Simple Linear Regression

Lecture 2

Does an extra year of education raise wages, and if so, by how much?

To answer that, we need a model.

A model lets us summarize a relationship with a single number.

How much does Y change, on average, when X increases by one unit?

We start with the simplest case: one outcome, one predictor.

Y = wages, X = years of education.
This is simple (bivariate) linear regression.

The relationship will not be perfect, there is always noise.

Two people with the same education earn different wages. The model must account for that.

The population regression model.

Y_i = β₀ + β₁X_i + ε_i

Y_i is the outcome for observation i. X_i is the predictor. ε_i is the error term, everything else that affects Y.

β₀ and β₁ are population parameters. They are fixed but unknown. Our job is to estimate them from data.

What does β₁ mean?

β₁ is the slope, the effect of X on Y.

A one-unit increase in X is associated with a β₁-unit change in Y, on average, holding all else equal.

If X = years of education and Y = log wages, then β₁ = 0.08 means one more year of education is associated with roughly an 8% wage increase.

β₀ is the intercept, the predicted value of Y when X = 0. Often not directly meaningful, but necessary for the line to fit.

The error term ε_i is not noise to be ignored.

It captures everything that affects Y other than X: ability, family background, luck, measurement error.

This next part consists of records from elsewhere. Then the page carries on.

(* The function $\mathcal{R}(t,D_1,D_2)$ is jointly multiplicative in $t,D_1,D_2$: for all integers $t$ and positive integers $C_1,C_2,E_1,E_2$ with $\gcd(C_1C_2,E_1E_2)=1$, \[ \mathcal{R}(t,C_1E_1,C_2E_2)=\mathcal{R}(t,C_1,C_2)\,\mathcal{R}(t,E_1,E_2). \]
   Context: Notation: $e(x)=e^{2\pi ix}$. For integers $m_1,m_2,n_1,n_2$ and positive integers $D_1,D_2$, the $GL_3$ Kloosterman sum is \[ S(m_1,m_2,n_1,n_2;D_1,D_2)=\sum e\Big(\frac{m_1B_1+n_1(Y_1D_2-Z_1B_2)}{D_1}\Big)e\Big(\frac{m_2B_2+n_2(Y_2D_1-Z_2B_1)}{D_2}\Big), \] the sum over $B_1,C_1 \bmod D_1$, $B_2,C_2\bmod D_2$ with $\gcd(B_1,C_1,D_1)=\gcd(B_2,C_2,D_2)=1$ and $D_1C_2+B_1B_2+C_1D_2\equiv 0\pmod{D_1D_2}$, where $Y_1B_1+Z_1C_1\equiv 1\pmod{D_1}$, $Y_2B_2+Z_2C_2\equiv1\pmod{D_2}$ (independent of choices). For integers $a,b$ with $(a,D_1)=(b,D_2)=1$ and integers $u,t$, define \[ \widehat S(a,u,t,b;D_1,D_2)=\frac{1}{D_1D_2}\sum_{x\bmod D_1}\sum_{y\bmod D_2}S(a,y,x,b;D_1,D_2)\,e\Big(\frac{-xt}{D_1}\Big)e\Big(\frac{-yu}{D_2}\Big), \] and \[ \mathcal{R}(t,D_1,D_2)=\max_{(ab,D_1)=1}\ \sum_{u\bmod D_2}\big|\widehat S(a,u,bt,1;D_1,D_2)\big|, \] the maximum over integers $a,b$ coprime to $D_1$. *)

From HB Require Import structures.
From mathcomp Require Import all_boot all_order all_algebra.
From mathcomp Require Import reals trigo.
From mathcomp.real_closed Require Import complex.
Set Implicit Arguments. Unset Strict Implicit. Unset Printing Implicit Defensive.
Import Order.TTheory GRing.Theory Num.Theory.
Local Open Scope ring_scope.
Local Open Scope complex_scope.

Key assumption: E[ε_i | X_i] = 0. The error has mean zero, conditional on X.

This says the omitted factors are, on average, unrelated to X. It is a strong assumption, and one we will spend much of this course learning to worry about.

How do we estimate β₀ and β₁ from data?

Ordinary Least Squares (OLS)

Draw a line through the data.

Any line gives us fitted values Ŷ_i = b₀ + b₁X_i.
The residual is the gap: e_i = Y_i − Ŷ_i.

Choose the line that minimizes the sum of squared residuals.

min ∑_i e_i² = ∑_i (Y_i − b₀ − b₁X_i)²
Squaring penalizes large errors more than small ones.
We square (not use absolute values) because it yields a clean closed-form solution.

The OLS estimators have closed-form solutions.

β̂₁ = Cov(X, Y) / Var(X)

β̂₀ = Ȳ − β̂₁X̄

β̂₁ is the sample covariance of X and Y divided by the sample variance of X. It measures how much Y co-moves with X, scaled by how much X varies.

The intercept β̂₀ is pinned down by requiring the line to pass through the point (X̄, Ȳ).

Fitted values and residuals

The fitted value is what the model predicts.

Ŷ_i = β̂₀ + β̂₁X_i

The residual is the prediction error.

e_i = Y_i − Ŷ_i
Residuals are estimates of the true errors ε_i, but not the same thing.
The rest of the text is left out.